接下来就是选择的问题了，假设要在A集合（总数为a） 和 B集合（总数为b）间架k座桥：在a中选k个点，有C（a取k）种情况，在b中选k个点，有C（b取k）种情况，两个集合里各选出k个点，第一个点可以有k种选择，在第一个点选过后，第二个点有k-1种选择……一直到最后一个点有一种选择，哎选完点之后，最后还要乘上k的阶乘。

注意这里k最多只能取到两个集合中小的那个，所以在循环之前先排个序，设定循环上限为小的那个。  
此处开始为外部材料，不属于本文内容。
(** * Quasimorphisms and homogenization *)

Section GroupHom.
Variables (H K : groupType) (f : H -> K).
Hypothesis hf : group_hom f.

Lemma group_hom1 : f 1%g = 1%g.
Proof. by apply: (mulgI (f 1%g)); rewrite -hf !mulg1. Qed.

Lemma group_homV x : f x^-1%g = (f x)^-1%g.
Proof. by apply/esym/mulg1_eq; rewrite -hf mulgV group_hom1. Qed.

Lemma group_homX x n : f (x ^+ n)%g = (f x ^+ n)%g.
Proof. by elim: n => [|n IH]; rewrite ?group_hom1 // !expgS hf IH. Qed.

End GroupHom.

Lemma conjgXn (H : groupType) (g x : H) n : ((g * x * g^-1) ^+ n = g * x ^+ n * g^-1)%g.
Proof.
elim: n => [|n IH]; first by rewrite !expg0 mulg1 mulgV.
by rewrite expgS IH expgS !mulgA mulgVK.
Qed.

Section Quasimorphisms.
Variable H : groupType.
Implicit Types f : C1 H.

Lemma qm_defect f M (hM : forall a b, `|delta1 f a b| <= M) a b :
  `|f (a * b)%g - f a - f b| <= M.
Proof.
have -> : f (a * b)%g - f a - f b = - delta1 f a b by rewrite /delta1; ring.
by rewrite normrN.
Qed.

Lemma homogeneous1 f : homogeneous f -> f 1%g = 0.
Proof. by move=> hf; have := hf 1%g 0%N; rewrite expg0 mul0r. Qed.

Lemma homogeneous_bounded_eq0 f :
  homogeneous f -> (exists K, forall x, `|f x| <= K) -> forall x, f x = 0.
Proof.
move=> hf [K hK] x; apply: (@nat_bounded_eq0 _ K) => n.
by have := hK (x ^+ n)%g; rewrite hf normrM ger0_norm ?ler0n.
Qed.

Lemma QV f : Q f -> forall h, f h^-1%g = - f h.
Proof.
move=> [[M hM] hf] h; apply/eqP; rewrite -addr_eq0; apply/eqP.
apply: (@nat_bounded_eq0 _ M) => n.
have := hM (h ^+ n)%g (h ^+ n)^-1%g.
rewrite /delta1 mulgV homogeneous1 // -expVgn !hf.
rewrite (_ : _ - 0 + _ = n%:R * (f h^-1%g + f h)); last by ring.
by rewrite normrM ger0_norm ?ler0n.
Qed.
(* Let $x$ be a positive integer and $v=(v_1,v_2,\dots)$ a back tracing parity vector for $x$. Let $p_n$ be the number of $1$'s among $v_1,\dots,v_n$ divided by $n$. Then $\limsup_{n\to\infty}p_n\le\log_3 2$.
   Context: Let $T(z)=z/2$ for $z$ even and $T(z)=(3z+1)/2$ for $z$ odd. A sequence $(v_1,v_2,\dots)\in\{0,1\}^{\mathbb{N}}$ is a back tracing parity vector for a positive integer $x$ if there are positive integers $x_0=x,x_1,x_2,\dots$ with $T(x_i)=x_{i-1}$ and $x_i\equiv v_i\pmod 2$ for all $i\ge1$. *)

From Stdlib Require Import Reals Arith.
Open Scope R_scope.

Definition T (z : nat) : nat :=
  if Nat.even z then Nat.div z 2 else Nat.div (3 * z + 1) 2.

(* v : nat -> bool, with v i (i >= 1) the i-th parity bit (true = 1 = odd);
   v 0 is unused.  *)
Definition back_tracing_parity_vector (x : nat) (v : nat -> bool) : Prop :=
  exists xs : nat -> nat,
    xs 0%nat = x /\
    forall i : nat, (1 <= i)%nat ->
      (0 < xs i)%nat /\ T (xs i) = xs (i - 1)%nat /\ Nat.odd (xs i) = v i.

Fixpoint ones_count (v : nat -> bool) (n : nat) : nat :=
  match n with
  | O => O
  | S m => (ones_count v m + (if v (S m) then 1 else 0))%nat
  end.

Definition p (v : nat -> bool) (n : nat) : R := INR (ones_count v n) / INR n.

(* limsup_{n -> oo} u_n <= L, unfolded (for sequences bounded above, as here). *)
Definition limsup_le (u : nat -> R) (L : R) : Prop :=
  forall eps : R, 0 < eps -> exists N : nat, forall n : nat, (N <= n)%nat -> u n <= L + eps.

From Stdlib Require Import Reals Arith Lia Lra.
Open Scope R_scope.

(* Going one step backwards along the orbit multiplies the
   current value by 2 (an even step, x_{i-1} = x_i / 2) or by 2/3 minus a
   positive correction (an odd step, x_{i-1} = (3 x_i + 1) / 2).  Hence, with
   k_n the number of odd steps among the first n,
       3^{k_n} * x_n <= 2^n * x,   so   3^{k_n} <= x * 2^n   as x_n >= 1.
   Taking logarithms gives  p_n = k_n / n <= ln 2 / ln 3 + (ln x / ln 3) / n,
   and a bound of the form  L + C / n  forces  limsup p_n <= L. *)

Lemma T_odd_double (z : nat) : Nat.odd z = true -> (2 * T z = 3 * z + 1)%nat.
Proof.
  intro Hodd. unfold T. rewrite <- Nat.negb_odd, Hodd; cbn [negb].
  apply Nat.odd_spec in Hodd. destruct Hodd as [m ->].
  replace (3 * (2 * m + 1) + 1)%nat with ((3 * m + 2) * 2)%nat by lia.
  rewrite Nat.div_mul by lia. lia.
Qed.

Lemma T_even_double (z : nat) : Nat.odd z = false -> (2 * T z = z)%nat.
Proof.
  intro Hodd. unfold T. rewrite <- Nat.negb_odd, Hodd; cbn [negb].
  assert (Heven : Nat.even z = true) by (rewrite <- Nat.negb_odd, Hodd; reflexivity).
  apply Nat.even_spec in Heven. destruct Heven as [m ->].
  rewrite (Nat.mul_comm 2 m), Nat.div_mul by lia. lia.
Qed.

(* Along any back-traced orbit x = x_0, x_1, x_2, ... with parities v_i,
   each odd step costs a factor 3 and each step gains at most a factor 2. *)
Lemma backward_orbit_bound (x : nat) (v : nat -> bool) (xs : nat -> nat) :
  xs 0%nat = x ->
  (forall i : nat, (1 <= i)%nat ->
      T (xs i) = xs (i - 1)%nat /\ Nat.odd (xs i) = v i) ->
  forall n : nat, (3 ^ ones_count v n * xs n <= x * 2 ^ n)%nat.
Proof.
  intros Hstart Hstep. induction n as [|n IH]; [simpl; lia|].
  destruct (Hstep (S n) ltac:(lia)) as [HT Hpar].
  replace (S n - 1)%nat with n in HT by lia.
  simpl ones_count. rewrite Nat.pow_succ_r'.
  destruct (v (S n)).
  - pose proof (T_odd_double _ Hpar) as E. rewrite HT in E.
    rewrite Nat.add_1_r, Nat.pow_succ_r'.
    assert (E3 : (3 ^ ones_count v n * (2 * xs n)
                  = 3 ^ ones_count v n * (3 * xs (S n) + 1))%nat) by now rewrite E.
    nia.
  - pose proof (T_even_double _ Hpar) as E. rewrite HT in E.
    rewrite Nat.add_0_r. nia.
Qed.

(* Since the orbit stays positive, the number of 1's is controlled by x. *)
Lemma ones_count_pow_bound (x : nat) (v : nat -> bool) :
  (0 < x)%nat -> back_tracing_parity_vector x v ->
  forall n : nat, (3 ^ ones_count v n <= x * 2 ^ n)%nat.
Proof.
  intros Hx [xs [Hstart Hstep]] n.
  pose proof (backward_orbit_bound x v xs Hstart
                (fun i Hi => proj2 (Hstep i Hi)) n) as Hbound.
  assert (Hpos : (0 < xs n)%nat).
  { destruct n as [|n]; [now rewrite Hstart|]. apply (Hstep (S n)). lia. }
  nia.
Qed.

Lemma ln_le (a b : R) : 0 < a -> a <= b -> ln a <= ln b.
Proof.
  intros Ha [Hlt | ->]; [left; apply ln_increasing; assumption | lra].
Qed.

Lemma ln_of_pow_bound (a b x k n : nat) :
  (0 < a)%nat -> (0 < b)%nat -> (0 < x)%nat ->
  (a ^ k <= x * b ^ n)%nat ->
  INR k * ln (INR a) <= ln (INR x) + INR n * ln (INR b).
Proof.
  intros Ha Hb Hx Hbound.
  assert (Ha' : 0 < INR a) by (apply lt_0_INR; lia).
  assert (Hb' : 0 < INR b) by (apply lt_0_INR; lia).
  assert (Hx' : 0 < INR x) by (apply lt_0_INR; lia).
  apply le_INR in Hbound. rewrite mult_INR, !pow_INR in Hbound.
  apply ln_le in Hbound; [|apply pow_lt; assumption].
  rewrite ln_mult, !ln_pow in Hbound by (try apply pow_lt; assumption).
  exact Hbound.
Qed.

Lemma limsup_le_of_rate (u : nat -> R) (L C : R) :
  0 <= C ->
  (forall n : nat, (0 < n)%nat -> u n <= L + C / INR n) ->
  limsup_le u L.
Proof.
  intros HC Hrate eps Heps.
  destruct (INR_unbounded (C / eps)) as [N HN].
  exists (S N). intros n Hn.
  assert (HNn : INR N <= INR n) by (apply le_INR; lia).
  assert (Hn0 : 0 < INR n) by (apply lt_0_INR; lia).
  assert (HCn : C <= eps * INR n).
  { assert (HCeps : C = eps * (C / eps)) by (field; lra). nra. }
  assert (Hsmall : C / INR n <= eps).
  { apply Rmult_le_reg_r with (INR n); [assumption|].
    replace (C / INR n * INR n) with C by (field; lra). lra. }
  specialize (Hrate n ltac:(lia)). lra.
Qed.

Theorem mainTheorem9 (x : nat) (v : nat -> bool) :
  (0 < x)%nat ->
  back_tracing_parity_vector x v ->
  limsup_le (p v) (ln 2 / ln 3).
Proof.
  intros Hx Hv.
  assert (Hln3 : 0 < ln 3) by (rewrite <- ln_1; apply ln_increasing; lra).
  assert (Hlnx : 0 <= ln (INR x))
    by (rewrite <- ln_1; apply ln_le; [lra | apply (le_INR 1); lia]).
  apply (limsup_le_of_rate _ _ (ln (INR x) / ln 3)).
  { unfold Rdiv. apply Rmult_le_pos; [assumption | left; apply Rinv_0_lt_compat; assumption]. }
  intros n Hn.
  assert (Hn' : 0 < INR n) by (apply lt_0_INR; lia).
  (* k_n ln 3 <= ln x + n ln 2, then divide by n ln 3 *)
  pose proof (ln_of_pow_bound 3 2 x (ones_count v n) n ltac:(lia) ltac:(lia) Hx
                (ones_count_pow_bound x v Hx Hv n)) as Hlog.
  replace (INR 3) with 3 in Hlog by (simpl; lra).
  replace (INR 2) with 2 in Hlog by (simpl; lra).
  unfold p. apply Rmult_le_reg_r with (INR n * ln 3); [nra|].
  field_simplify; [lra | lra | lra].
Qed.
C(n,m)=C(n,n-m)=C(n-1,m-1)+C(n-1,m)

#include <iostream>
#include <algorithm>
#define ll long long
using namespace std;
const ll mod =998244353;
ll max1,max2,max3;
ll C[5007][5007];
ll  tt[3];
ll jc[5007];
void maxn(ll a,ll b,ll c)//排序
{
    tt[0]=a;
    tt[1]=b;
    tt[2]=c;
    sort(tt,tt+3);
    max3=tt[0];
    max2=tt[1];
    max1=tt[2];
}

ll f(ll a,ll b)//计算
{
    ll res=0;
    for(int i=0;i<=b;i++)
    {
        res+=(C[a][i]*C[b][i]%mod)*(jc[i]%mod);
        res%=mod;
    }
    return res;
}

int main()
{
    for(int i=0;i<=5005;i++)//预处理
    {
        C[i][i]=1;
        C[i][0]=1;
        for(int j=1;j<=i;j++)
        {
            C[i][j]=C[i-1][j]+C[i-1][j-1];
            C[i][j]%=mod;
        }
    }

    jc[0]=1;
    for(int i=1;i<=5005;i++)
    {
        jc[i]=jc[i-1]*i;
        jc[i]%=mod;
    }

    ll res;
    ll res1=0,res2=0,res3=0;
    int a,b,c;
    cin>>a>>b>>c;
    maxn(a,b,c);

    res1=f(max1,max2);
    res2=f(max1,max3);
    res3=f(max2,max3);
    res=(((res1*res2)%mod)*res3)%mod;

    //cout<<res1<<res2<<res3<<endl;
    cout<<res<<endl;


    return 0;
}